Task prompt: Among the entries that follow, the required portion opens with the line containing "Lemma smooth_opp (f" and closes with the line containing "smooth (fun x => f x - g x) x0.". Give that portion again exactly, and nothing else.
*** Source material ***
Lemma smooth_plus (f g : R -> R) (x0 : R) : smooth f x0 -> smooth g x0 ->
  smooth (fun x => f x + g x) x0.
Proof.
  intros [r1 [H1 F]] [r2 [H2 G]]. exists (Rmin r1 r2). split; [apply Rmin_pos; auto|].
  pose proof (Rmin_l r1 r2). pose proof (Rmin_r r1 r2).
  intros n. apply Cn_ball_plus.
  - apply (Cn_ball_shrink n f x0 r1); auto. intros y Hy. lra.
  - apply (Cn_ball_shrink n g x0 r2); auto. intros y Hy. lra.
Qed.

Lemma smooth_mult (f g : R -> R) (x0 : R) : smooth f x0 -> smooth g x0 ->
  smooth (fun x => f x * g x) x0.
Proof.
  intros [r1 [H1 F]] [r2 [H2 G]]. exists (Rmin r1 r2). split; [apply Rmin_pos; auto|].
  pose proof (Rmin_l r1 r2). pose proof (Rmin_r r1 r2).
  intros n. apply Cn_ball_mult.
  - apply (Cn_ball_shrink n f x0 r1); auto. intros y Hy. lra.
  - apply (Cn_ball_shrink n g x0 r2); auto. intros y Hy. lra.
Qed.

Lemma smooth_opp (f : R -> R) (x0 : R) : smooth f x0 -> smooth (fun x => - f x) x0.
Proof.
  intros Hf. apply (smooth_ext (fun x => -1 * f x)); [intros; ring|].
  apply smooth_mult; [apply smooth_const|exact Hf].
Qed.

Lemma smooth_minus (f g : R -> R) (x0 : R) : smooth f x0 -> smooth g x0 ->
  smooth (fun x => f x - g x) x0.
Proof. intros Hf Hg. apply smooth_plus; [exact Hf|apply smooth_opp, Hg]. Qed.

Lemma smooth_ex_derive_n_ball (f : R -> R) (x0 : R) : smooth f x0 ->
  exists r, 0 < r /\ forall k y, Rabs (y - x0) < r -> ex_derive_n f k y.
Proof.
  intros [r [Hr F]]. exists r. split; auto.
  intros k y Hy. exact (Cn_ball_ex_derive_n k f x0 r (F k) k y (le_n k) Hy).
Qed.

Lemma smooth_locally_ex_derive (f : R -> R) (x0 : R) : smooth f x0 ->
  locally x0 (ex_derive f).
Proof.
  intros [r [Hr F]]. destruct (F 1%nat) as [Hd _].
  eapply filter_imp; [exact Hd|]. apply locally_Rabs_lt.
  rewrite Rminus_eq_0, Rabs_R0. exact Hr.
Qed.

Lemma smooth_ex_derive (f : R -> R) (x0 : R) : smooth f x0 -> ex_derive f x0.
Proof. intros Hf. exact (locally_singleton _ _ (smooth_locally_ex_derive f x0 Hf)). Qed.

Lemma smooth_Derive (f : R -> R) (x0 : R) : smooth f x0 -> smooth (Derive f) x0.
Proof. intros [r [Hr F]]. exists r. split; auto. intros n. exact (proj2 (F (S n))). Qed.

Lemma smooth_comp (f g : R -> R) (x0 : R) : smooth f (g x0) -> smooth g x0 ->
  smooth (fun x => f (g x)) x0.
Proof.
  intros [rf [Hf F]] Hg.
  destruct (ex_derive_continuous_ball g x0 (smooth_ex_derive g x0 Hg) rf Hf)
    as [delta [Hdelta Hcont]].
  destruct Hg as [rg [Hrg G]].
  pose proof (Rmin_l rg delta). pose proof (Rmin_r rg delta).
  exists (Rmin rg delta). split; [apply Rmin_pos; auto|].
  intros n. apply (Cn_ball_comp n f g x0 _ (g x0) rf); auto.
  - apply (Cn_ball_shrink n g x0 rg); auto. intros y Hy. lra.
  - intros y Hy. apply Hcont. lra.
Qed.

Lemma smooth_sqrt (x0 : R) : 0 < x0 -> smooth sqrt x0.
Proof. intros Hx0. exists x0. split; auto. intros n. apply Cn_ball_sqrt. lra. Qed.

Lemma is_lim_seq_0_bounded (u : nat -> R) : is_lim_seq u 0 ->
  exists M, forall n, Rabs (u n) <= M.
Proof.
  intros Hu.
  assert (Hc : Cauchy_crit (fun n => Rabs (u n))).
  { apply CV_Cauchy. exists 0. apply is_lim_seq_Reals.
    rewrite <- Rabs_R0. exact (is_lim_seq_abs u 0 Hu). }
  destruct (cauchy_bound _ Hc) as [M HM].
  exists M. intros n. apply HM. exists n. reflexivity.
Qed.

Lemma smooth_analytic (f : R -> R) (t0 : R) : analytic_at f t0 -> smooth f t0.
Proof.
  intros [a [r [Hr Hs]]].
  assert (Hrad : Rbar_le (r / 2) (CV_radius a)).
  { apply (proj1 (CV_radius_bounded a)).
    assert (Hin : Rabs (t0 + r / 2 - t0) < r).
    { replace (t0 + r / 2 - t0) with (r / 2) by ring. rewrite Rabs_right; lra. }
    pose proof (Hs _ Hin) as Hser.
    replace (t0 + r / 2 - t0) with (r / 2) in Hser by ring.
    apply is_lim_seq_0_bounded, ex_series_lim_0. eexists; eauto. }
  exists (r / 2). split; [lra|]. intros n.
  apply (Cn_ball_ext n (fun t => PSeries a (t - t0))).
  - intros y Hy. apply is_series_unique. apply Hs. lra.
  - apply (Cn_ball_comp n (PSeries a) (fun t => t - t0) t0 (r / 2) 0 (r / 2)).
    + apply Cn_ball_PSeries; auto.
    + apply (Cn_ball_plus n (fun x => x) (fun _ => - t0)); [apply Cn_ball_id|apply Cn_ball_const].
    + intros y Hy. rewrite Rminus_0_r. auto.
Qed.

(** * Taylor expansions and orders of vanishing *)

Definition taylor_poly (f : R -> R) (x0 : R) (N : nat) (y : R) : R :=
  sum_f_R0 (fun m => (y - x0) ^ m / INR (Factorial.fact m) * Derive_n f m x0) N.

Lemma taylor_poly_center (f : R -> R) (x0 : R) (N : nat) : taylor_poly f x0 N x0 = f x0.
Proof.
  unfold taylor_poly. induction N as [|N IH]; simpl.
  - field.
  - rewrite IH, Rminus_eq_0. unfold Rdiv. rewrite !Rmult_0_l. ring.
Qed.

Lemma taylor_poly_flat (f : R -> R) (x0 : R) (N : nat) (y : R) :
  (forall i, (1 <= i <= N)%nat -> Derive_n f i x0 = 0) -> taylor_poly f x0 N y = f x0.
Proof.
  unfold taylor_poly. induction N as [|N IH]; intros Hflat.
  - simpl. field.
  - cbn [sum_f_R0]. rewrite IH by (intros; apply Hflat; lia).
    rewrite (Hflat (S N)) by lia. ring.
Qed.

Lemma taylor_poly_reflect (f : R -> R) (x0 : R) (N : nat) (y : R) : smooth f x0 ->
  taylor_poly (fun u => f (-1 * u)) (- x0) N (- y) = taylor_poly f x0 N y.
Proof.
  intros Hf. destruct (smooth_ex_derive_n_ball f x0 Hf) as [r [Hr Hn]].
  unfold taylor_poly. apply sum_eq. intros i _.
  rewrite Derive_n_comp_scal.
  - replace (-1 * - x0) with x0 by ring.
    replace (- y - - x0) with (-1 * (y - x0)) by ring.
    rewrite Rpow_mult_distr.
    assert (Hsign : (-1) ^ i * (-1) ^ i = 1).
    { rewrite <- Rpow_mult_distr. replace (-1 * -1) with 1 by ring. apply pow1. }
    transitivity ((-1) ^ i * (-1) ^ i *
      ((y - x0) ^ i / INR (Factorial.fact i) * Derive_n f i x0)); [field|rewrite Hsign; ring].
    apply INR_fact_neq_0.
  - replace (-1 * - x0) with x0 by ring.
    eapply filter_imp; [|apply (locally_Rabs_lt x0 r x0)].
    + intros z Hz k _. exact (Hn k z Hz).
    + rewrite Rminus_eq_0, Rabs_R0. exact Hr.
Qed.

Lemma smooth_Derive_n_bounded (f : R -> R) (x0 : R) (N : nat) : smooth f x0 ->
  exists M delta, 0 < delta /\
    forall z, Rabs (z - x0) < delta -> Rabs (Derive_n f N z) <= M.
Proof.
  intros Hf. destruct (smooth_ex_derive_n_ball f x0 Hf) as [r [Hr Hn]].
  assert (Hd : ex_derive (Derive_n f N) x0).
  { apply (Hn (S N) x0). rewrite Rminus_eq_0, Rabs_R0. exact Hr. }
  destruct (ex_derive_continuous_ball _ x0 Hd 1 Rlt_0_1) as [delta [Hdelta Hcont]].
  exists (Rabs (Derive_n f N x0) + 1), delta. split; auto.
  intros z Hz. pose proof (Hcont z Hz).
  pose proof (Rabs_triang_inv (Derive_n f N z) (Derive_n f N x0)). lra.
Qed.

Lemma taylor_remainder_right (f : R -> R) (x0 : R) (N : nat) : smooth f x0 ->
  exists C delta, 0 < delta /\ forall y, x0 < y < x0 + delta ->
    Rabs (f y - taylor_poly f x0 N y) <= C * (y - x0) ^ (S N).
Proof.
  intros Hf.
  destruct (smooth_ex_derive_n_ball f x0 Hf) as [r [Hr Hn]].
  destruct (smooth_Derive_n_bounded f x0 (S N) Hf) as [M [delta [Hdelta HM]]].
  set (F := INR (Factorial.fact (S N))).
  assert (HF : 0 < F) by apply INR_fact_lt_0.
  exists (M / F), (Rmin r delta). split; [apply Rmin_pos; auto|].
  intros y Hy. pose proof (Rmin_l r delta). pose proof (Rmin_r r delta).
  destruct (Taylor_Lagrange f N x0 y) as [z [Hz ->]]; [lra| |].
  { intros t Ht k _. apply Hn. rewrite Rabs_right; lra. }
  unfold taylor_poly. fold F.
  match goal with |- Rabs (?A + ?B - ?A) <= _ => replace (A + B - A) with B by ring end.
  assert (Hh : 0 <= (y - x0) ^ S N) by (apply pow_le; lra).
  assert (Hz' : Rabs (Derive_n f (S N) z) <= M) by (apply HM; rewrite Rabs_right; lra).
  rewrite Rabs_mult, (Rabs_right ((y - x0) ^ S N / F))
    by (apply Rle_ge, Rdiv_le_0_compat; lra).
  apply Rle_trans with ((y - x0) ^ S N / F * M).
  - apply Rmult_le_compat_l; auto. apply Rdiv_le_0_compat; lra.
  - right. field. lra.
Qed.
Lemma neg_entropy_convex n :
  neg_entropy n.+1 + neg_entropy n.+1 <= neg_entropy n + neg_entropy n.+2.
Proof.
pose P (w : n.-tuple A) a b := word_prob (a :: rcons w b).
have cons_marginal : neg_entropy n.+1 = \sum_w \sum_a xlnx (\sum_b P w a b).
  rewrite /neg_entropy (sum_tuple_cons n (fun s => xlnx (word_prob s))) exchange_big.
  by apply: eq_bigr => w _; apply: eq_bigr => a _; rewrite [word_prob (a :: w)]word_prob_rcons.
have rcons_marginal : neg_entropy n.+1 = \sum_w \sum_b xlnx (\sum_a P w a b).
  rewrite /neg_entropy (sum_tuple_rcons n (fun s => xlnx (word_prob s))).
  by apply: eq_bigr => w _; apply: eq_bigr => b _; rewrite [word_prob (rcons w b)]word_prob_cons.
have middle_marginal : neg_entropy n = \sum_w xlnx (\sum_a \sum_b P w a b).
  apply: eq_bigr => w _; rewrite [word_prob w]word_prob_cons.
  by congr xlnx; apply: eq_bigr => a _; rewrite [word_prob (a :: w)]word_prob_rcons.
have joint : neg_entropy n.+2 = \sum_w \sum_a \sum_b xlnx (P w a b).
  rewrite /neg_entropy (sum_tuple_cons n.+1 (fun s => xlnx (word_prob s))) [RHS]exchange_big.
  by apply: eq_bigr => a _; rewrite (sum_tuple_rcons n (fun s => xlnx (word_prob (a :: s)))).
rewrite [X in X + _]cons_marginal rcons_marginal middle_marginal joint -!big_split /=.
by apply: ler_sum => w _; apply: xlnx_marginals_le => a b; apply: word_prob_ge0.
Qed.

Lemma block_entropy0 : block_entropy blk 0 = 0.
Proof.
rewrite block_entropyE /neg_entropy (sum_tuple0 (fun s => xlnx (word_prob s))).
by rewrite word_prob_nil /xlnx ln1 mulr0 oppr0 mul0r.
Qed.

Lemma block_entropy_concave n :
  block_entropy blk n + block_entropy blk n.+2
    <= block_entropy blk n.+1 + block_entropy blk n.+1.
Proof.
have ln2_gt0 : 0 < ln (2 : R) by rewrite ln_gt0 // ltr1n.
rewrite !block_entropyE !mulNr -!opprD -!mulrDl lerN2 ler_pM2r ?invr_gt0 //.
exact: neg_entropy_convex.
Qed.

Lemma halves_mutual_info_neg_entropy m : halves_mutual_info blk m
  = (neg_entropy (m + m) - neg_entropy m - neg_entropy m) / ln 2.
Proof.
have row_sum (x : m.-tuple A) :
    \sum_(y : m.-tuple A) blk (m + m) [tuple of x ++ y] = word_prob x.
  by rewrite -(sum_word_prob_catr m x); apply: eq_bigr => y _; apply: blk_word_prob.
have col_sum (y : m.-tuple A) :
    \sum_(x : m.-tuple A) blk (m + m) [tuple of x ++ y] = word_prob y.
  by rewrite -(sum_word_prob_catl m y); apply: eq_bigr => x _; apply: blk_word_prob.
rewrite /halves_mutual_info /=.
transitivity (\sum_(x : m.-tuple A) \sum_(y : m.-tuple A) (xlnx (word_prob (x ++ y))
    - word_prob (x ++ y) * ln (word_prob x) - word_prob (x ++ y) * ln (word_prob y)) / ln 2).
  apply: eq_bigr => x _; apply: eq_bigr => y _.
  rewrite row_sum col_sum blk_word_prob /=.
  have [->|pxy_neq0] := eqVneq (word_prob (x ++ y)) 0; first by rewrite /xlnx !(mul0r, subr0).
  have pxy_gt0 : 0 < word_prob (x ++ y) by rewrite lt0r pxy_neq0 word_prob_ge0.
  have px_gt0 := lt_le_trans pxy_gt0 (word_prob_catr_le x y).
  have py_gt0 := lt_le_trans pxy_gt0 (word_prob_catl_le x y).
  by rewrite /log2 ln_div ?lnM ?posrE ?mulr_gt0 // /xlnx; ring.
under eq_bigr do rewrite -mulr_suml; rewrite -mulr_suml; congr (_ / _).
under eq_bigr do rewrite !sumrB; rewrite !sumrB.
rewrite /neg_entropy (sum_tuple_cat m m (fun s => xlnx (word_prob s))).
congr (_ - _ - _).
  by apply: eq_bigr => x _; rewrite -mulr_suml sum_word_prob_catr.
by rewrite exchange_big; apply: eq_bigr => y _; rewrite -mulr_suml sum_word_prob_catl.
Qed.
(* Let $(A,\succ_A,\prec_A)$ be an anti-pre-Leibniz algebra with sub-adjacent Leibniz algebra $(A,\circ_A)$. If $(l_\succ,r_\succ,l_\prec,r_\prec,V)$ is a representation of $(A,\succ_A,\prec_A)$, then, with $l_\circ=l_\succ+l_\prec$ and $r_\circ=r_\succ+r_\prec$, $$\big(-l_\circ^*,\;-l_\prec^*-r_\succ^*,\;l_\prec^*,\;l_\circ^*+r_\circ^*,\;V^*\big)$$ is also a representation of $(A,\succ_A,\prec_A)$. In particular, $(-\mathcal L^*_{\circ_A},-\mathcal L^*_{\prec_A}-\mathcal R^*_{\succ_A},\mathcal L^*_{\prec_A},\mathcal L^*_{\circ_A}+\mathcal R^*_{\circ_A},A^* )$ is a representation of $(A,\succ_A,\prec_A)$.
   Context: All vector spaces are finite-dimensional over a field $\mathbb K$ of characteristic zero. For a multiplication $\ast$, $\mathcal L_\ast(x)y=x\ast y$, $\mathcal R_\ast(x)y=y\ast x$; for $f:A\to\mathrm{End}(V)$, $f^*:A\to\mathrm{End}(V^* )$ is $\langle f^*(x)u^*,v\rangle=-\langle u^*,f(x)v\rangle$. An anti-pre-Leibniz algebra is a vector space $A$ with multiplications $\succ_A,\prec_A$ such that, with $x\circ_A y=x\succ_A y+x\prec_A y$, for all $x,y,z$: (AL1) $(x\circ_A y)\prec_A z=x\succ_A(y\circ_A z)-y\succ_A(x\circ_A z)$; (AL2) $(x\circ_A y)\succ_A z=y\succ_A(x\succ_A z)-x\succ_A(y\succ_A z)$; (AL3) $x\prec_A(y\circ_A z)=(y\succ_A x)\prec_A z-y\succ_A(x\prec_A z)$; (AL4) $(x\succ_A y)\prec_A z=-(y\prec_A x)\prec_A z$. Its sub-adjacent Leibniz algebra is $(A,\circ_A)$. A representation of an anti-pre-Leibniz algebra $(A,\succ_A,\prec_A)$ is a tuple $(l_\succ,r_\succ,l_\prec,r_\prec,V)$ of linear maps $A\to\mathrm{End}(V)$ such that, writing $l_\circ=l_\succ+l_\prec$, $r_\circ=r_\succ+r_\prec$, for all $x,y\in A$ (as operators on $V$): (R1) $r_\prec(x)r_\circ(y)=r_\succ(y\circ_A x)-l_\succ(y)r_\circ(x)$; (R2) $r_\succ(x)r_\circ(y)=l_\succ(y)r_\succ(x)-r_\succ(y\succ_A x)$; (R3) $r_\prec(x\circ_A y)=r_\prec(y)l_\succ(x)-l_\succ(x)r_\prec(y)$; (R4) $r_\prec(x)r_\succ(y)=-r_\prec(x)l_\prec(y)$; (R5) $r_\succ(x)l_\circ(y)=r_\succ(y\succ_A x)-l_\succ(y)r_\succ(x)$; (R6) $l_\prec(x)r_\circ(y)=r_\prec(y)r_\succ(x)-r_\succ(x\prec_A y)$; (R7) $r_\prec(x)l_\succ(y)=-r_\prec(x)r_\prec(y)$; (R8) $l_\prec(x\circ_A y)=l_\succ(x)l_\circ(y)-l_\succ(y)l_\circ(x)$; (R9) $l_\succ(x\circ_A y)=l_\succ(y)l_\succ(x)-l_\succ(x)l_\succ(y)$; (R10) $l_\prec(x)l_\circ(y)=l_\prec(y\succ_A x)-l_\succ(y)l_\prec(x)$; (R11) $l_\prec(x\succ_A y)=-l_\prec(y\prec_A x)$. *)

From HB Require Import structures.
From mathcomp Require Import all_boot all_algebra.
Set Implicit Arguments. Unset Strict Implicit. Unset Printing Implicit Defensive.
Import GRing.Theory.
Local Open Scope ring_scope.

Section Defs.
Variable K : fieldType.

Definition bilinear_op (A : vectType K) (op : A -> A -> A) : Prop :=
  (forall (a : K) (x y z : A), op z (a *: x + y) = a *: op z x + op z y) /\
  (forall (a : K) (x y z : A), op (a *: x + y) z = a *: op x z + op y z).

Definition linmap (A W : vectType K) (f : A -> W) : Prop :=
  forall (a : K) (x y : A), f (a *: x + y) = a *: f x + f y.

Section APL.
Variable A : vectType K.
Variables (sc pc : A -> A -> A). (* sc = succ, pc = prec *)
Let cc x y := sc x y + pc x y.

Definition anti_pre_Leibniz : Prop :=
  [/\ (forall x y z, pc (cc x y) z = sc x (cc y z) - sc y (cc x z)),
      (forall x y z, sc (cc x y) z = sc y (sc x z) - sc x (sc y z)),
      (forall x y z, pc x (cc y z) = pc (sc y x) z - sc y (pc x z)) &
      (forall x y z, pc (sc x y) z = - pc (pc y x) z)].
Lemma commg_Astarstab M N : M \in Ly -> N \in Ly -> M != N ->
  ([~: As M, As N] \subset H)%g.
Proof.
move=> MLy NLy neqMN; rewrite -(AstarstabI MLy NLy neqMN).
apply: commg_subI; rewrite subsetI ?subxx (subset_trans (Astarstab_sub _)) //.
  exact: normal_norm (Astarstab_normal NLy).
exact: normal_norm (Astarstab_normal MLy).
Qed.

Lemma U0_sub_H : U0 L P y G \subset H.
Proof.
have [M [N [MLy NLy neqMN]]] := exists_two_lines.
apply/subsetP => g /bigcapP g_in.
by rewrite -(AstarstabI MLy NLy neqMN) inE !g_in.
Qed.

Hypothesis s_even : ~~ odd s.

(* Every x1 lies in some As I, and G = As J * As K for two further lines J, K;
   this is where s >= 2 is needed. *)
Lemma der1_sub_H : (G^`(1) \subset H)%g.
Proof.
rewrite derg1 gen_subG; apply/subsetP => _ /imset2P[x1 x2 x1G x2G ->].
have [I ILy x1I] := Astarstab_cover x1G.
move: (ILy); rewrite in_lines_through => /andP[IL yI].
have /card_gt1P[J [K [/setD1P[JI JLy] /setD1P[KI KLy] neqJK]]] : 1 < #|Ly :\ I|.
  rewrite (card_lines_through_setD1 GQ IL yI).
  by move: s_even s_gt0; case: (s) => [|[]].
move: x2G; rewrite -(Astarstab_mul JLy KLy neqJK) => /mulsgP[a c aJ cK ->].
rewrite commgMJ groupM //.
  by apply: subsetP (commg_Astarstab ILy KLy _) _ (mem_commg x1I cK); rewrite eq_sym.
rewrite memJ_norm ?(subsetP (normal_norm H_normal)) ?(subsetP (Astarstab_sub K)) //.
by apply: subsetP (commg_Astarstab ILy JLy _) _ (mem_commg x1I aJ); rewrite eq_sym.
Qed.

Local Open Scope ring_scope.

Lemma chi_gen_H b g : g \in H ->
  chi_gen b L s P y G g = (s.+1)%:R / (2 * s%:R) *
    ((g == 1%g)%:R * #|'C_G[g]%g|%:R - (g \in G^`(1)%g)%:R * #|(G / G^`(1))%g|%:R).
Proof.
move=> gH; have gG := subsetP H_sub_G g gH.
have class_sub : (g ^: G)%g \subset H by rewrite class_sub_norm ?normal_norm ?H_normal.
have coset_sub : (g *: G^`(1))%g \subset H.
  apply/subsetP => k; rewrite mem_lcoset => /(subsetP der1_sub_H) kH.
  by rewrite -(mulKVg g k) groupM.
have card_class : (#|'C_G[g]%g| * #|(g ^: G)%g|)%N = #|G|.
  by rewrite -index_cent1 Lagrange ?subsetIl.
have card_coset : (#|(G / G^`(1))%g| * #|G^`(1)%g|)%N = #|G|.
  by rewrite card_quotient ?der_norm // mulnC Lagrange ?der_sub.
rewrite /chi_gen; set e : rat := if b then 1 else -1.
under eq_bigr => M MLy.
  rewrite (card_setI_trivial (Astab_H_trivial MLy) class_sub) mem1_class.
  rewrite (card_setI_trivial (Astab_H_trivial MLy) coset_sub) mem_lcoset mulg1 groupV.
  rewrite (setIidPr (subset_trans class_sub (H_sub_Astarstab MLy))).
  rewrite (setIidPr (subset_trans coset_sub (H_sub_Astarstab MLy))) card_lcoset.
  over.
rewrite sumr_const (card_lines_through GQ) -mulr_natr.
set a := #|'C_G[g]%g|; set c := #|(g ^: G)%g|; set q := #|(G / G^`(1))%g|.
set d := #|G^`(1)%g|.
have class_eq : a%:R * c%:R = q%:R * d%:R :> rat.
  by rewrite -!natrM card_class card_coset.
have -> : forall u v : rat, a%:R * (s%:R * u + e * c%:R) - q%:R * (s%:R * v + e * d%:R)
    = s%:R * (u * a%:R - v * q%:R) + e * (a%:R * c%:R - q%:R * d%:R).
  by move=> u v; ring.
rewrite class_eq subrr mulr0 addr0.
have s_neq0 : s%:R != 0 :> rat by rewrite pnatr_eq0 -lt0n s_gt0.
by field.
Qed.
*** End of Source material ***
Response box:
Lemma smooth_opp (f : R -> R) (x0 : R) : smooth f x0 -> smooth (fun x => - f x) x0.
Proof.
  intros Hf. apply (smooth_ext (fun x => -1 * f x)); [intros; ring|].
  apply smooth_mult; [apply smooth_const|exact Hf].
Qed.

Lemma smooth_minus (f g : R -> R) (x0 : R) : smooth f x0 -> smooth g x0 ->
  smooth (fun x => f x - g x) x0.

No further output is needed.